Taylor Swift’s concert in Seattle generated the equivalent seismic activity of a 2.3 magnitude earthquake.
The data was recorded as the pop superstar played her sell-out Eras tour at Lumen Field on July 22 and 23 in front of a combined 144,000 fans.
Seismologist Jackie Caplan-Auerbach said the activity was caused by the number of fans and the star’s sound systems.
It beat the previous record in Seattle, “Beast Quake”, set in 2011 during an NFL game between the Seattle Seahawks and the New Orleans Saints.

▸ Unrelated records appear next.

(* Reflecting x in the line of centres gives a second common point unless
   x lies on that line; for concentric circles the antipode of x does. *)
Lemma tangent_circles_collinear c c' r r' x : r != 0 ->
  tangent_at (OCirc c r) (OCirc c' r') (Some x) ->
  exists t, x.1 - c.1 = t * (c'.1 - c.1) /\ x.2 - c.2 = t * (c'.2 - c.2).
Proof.
case: x => x1 x2 r0 T; have [/= hx hx'] := tangent_at_on T; rewrite /=.
set u1 := c'.1 - c.1; set u2 := c'.2 - c.2; set d := u1 ^+ 2 + u2 ^+ 2.
have [d0|d_neq0] := eqVneq d 0.
- move: d0; rewrite /d => d0.
  have u10 : u1 = 0 by nra.
  have u20 : u2 = 0 by nra.
  have e1 : c'.1 = c.1 by rewrite -[c'.1](subrK c.1) -/u1 u10 add0r.
  have e2 : c'.2 = c.2 by rewrite -[c'.2](subrK c.2) -/u2 u20 add0r.
  have [q1 q2] : Some (2 * c.1 - x1, 2 * c.2 - x2) = Some (x1, x2).
    apply: (tangent_at_uniq T) => /=.
    + by rewrite -hx /dot /sub /=; ring.
    + by rewrite -hx' /dot /sub /= e1 e2; ring.
  have xc1 : x1 - c.1 = 0 by lra.
  have xc2 : x2 - c.2 = 0 by lra.
  have : r ^+ 2 = 0 by rewrite -hx /dot /sub /= xc1 xc2; ring.
  by move/eqP; rewrite expf_eq0 /= (negbTE r0).
- pose t := ((x1 - c.1) * u1 + (x2 - c.2) * u2) / d.
  have [q1 q2] : Some (c.1 + 2 * t * u1 - (x1 - c.1), c.2 + 2 * t * u2 - (x2 - c.2))
      = Some (x1, x2).
    apply: (tangent_at_uniq T) => /=.
    + by rewrite -hx /dot /sub /t /d /=; field.
    + rewrite -hx' /dot /sub /t /=.
      have -> : c'.1 = c.1 + u1 by rewrite /u1; ring.
      have -> : c'.2 = c.2 + u2 by rewrite /u2; ring.
      by rewrite -/u1 -/u2 /d; field.
  by exists t; split; lra.
Qed.

Lemma tangent_circles_lorentz c c' r r' p : r != 0 -> r' != 0 ->
  tangent_at (OCirc c r) (OCirc c' r') p ->
  lorentz (wvec (OCirc c r)) (wvec (OCirc c' r')) ^+ 2 = 1.
Proof.
move=> r0 r'0 T; case: p T => [x T|/tangent_at_on [] //].
have [/= hx hx'] := tangent_at_on T.
have [t [e1 e2]] := tangent_circles_collinear r0 T.
set d := (c'.1 - c.1) ^+ 2 + (c'.2 - c.2) ^+ 2.
have Ed : dot (sub c c') (sub c c') = d by rewrite /dot /sub /d /=; ring.
have ex1 : x.1 = c.1 + t * (c'.1 - c.1) by lra.
have ex2 : x.2 = c.2 + t * (c'.2 - c.2) by lra.
have hr : r ^+ 2 = t ^+ 2 * d by rewrite -hx /dot /sub /= ex1 ex2 /d; ring.
have hr' : r' ^+ 2 = (t - 1) ^+ 2 * d by rewrite -hx' /dot /sub /= ex1 ex2 /d; ring.
rewrite lorentz_circ_circ // Ed; apply/eqP; rewrite -subr_eq0; apply/eqP.
have -> : ((r ^+ 2 + r' ^+ 2 - d) / (2 * r * r')) ^+ 2 - 1 =
    ((r ^+ 2 + r' ^+ 2 - d) ^+ 2 - 4 * r ^+ 2 * r' ^+ 2) / (4 * r ^+ 2 * r' ^+ 2).
  by field; rewrite r0 r'0.
rewrite hr hr'.
have -> : (t ^+ 2 * d + (t - 1) ^+ 2 * d - d) ^+ 2 - 4 * (t ^+ 2 * d) * ((t - 1) ^+ 2 * d)
  = 0 by ring.
by rewrite mul0r.
Qed.

(* Reflecting x in the normal line through c gives a second common point
   unless x lies on that normal line. *)
Lemma tangent_circle_line_normal c r h m x : dot h h = 1 ->
  tangent_at (OCirc c r) (OLine h m) (Some x) ->
  (x.1 - c.1) * h.2 = (x.2 - c.2) * h.1.
Proof.
case: x => x1 x2 hh T; have [/= hx hl] := tangent_at_on T; rewrite /=.
pose s := (x2 - c.2) * h.1 - (x1 - c.1) * h.2.
have [q1 q2] : Some (x1 + 2 * s * h.2, x2 - 2 * s * h.1) = Some (x1, x2).
  apply: (tangent_at_uniq T) => /=; last by rewrite -hl /dot /=; ring.
  rewrite -hx; apply/eqP; rewrite -subr_eq0; apply/eqP.
  by transitivity (4 * s ^+ 2 * (dot h h - 1)); [rewrite /dot /sub /s /=; ring
                                                 | rewrite hh subrr mulr0].
have s0 : s = 0.
  have sh1 : s * h.1 = 0 by lra.
  have sh2 : s * h.2 = 0 by lra.
  have : s * dot h h = 0 by rewrite /dot mulrDr !mulrA sh1 sh2 !mul0r addr0.
  by rewrite hh mulr1.
by move: s0; rewrite /s => /eqP; rewrite subr_eq0 eq_sym => /eqP.
Qed.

Ms Caplan-Auerbach, a geology professor at Western Washington University, told CNN she compared seismic data from both concerts and the 2011 NFL event.
“I grabbed the data from both nights of the concert and quickly noticed they were clearly the same pattern of signals," she said.
“If I overlay them on top of each other, they’re nearly identical."
I guess I should show the data. Swifties > Seahawks fans.
— Jackie Caplan-Auerbach 🇺🇦 🌻 (@geophysichick) July 27, 2023
(except data from the concert may not be caused by the fans--it may be the sound system, so not really a fair comparison). pic.twitter.com/szwowOYQFi
She said the difference between the NFL event and the Swift concerts was just 0.3, but said the Swift fans still beat out Beast Quake.
“The shaking was twice as strong as ‘Beast Quake’. It absolutely doubled it,” she said.
Posting on Instagram about the Seattle dates, Swift said it was “genuinely one of my favourite weekends ever.”
“Thank you for everything. All the cheering, screaming, jumping, dancing, singing at the top of your lungs,” she said.
Music concerts have been known to generate seismic activity before, such as a 2011 Foo Fighters concert in New Zealand.
The dates were towards the end of the US leg of the Eras Tour, Swift’s first in five years.
She is next due to play in California, before beginning an international leg of the tour from August 24 in Mexico City.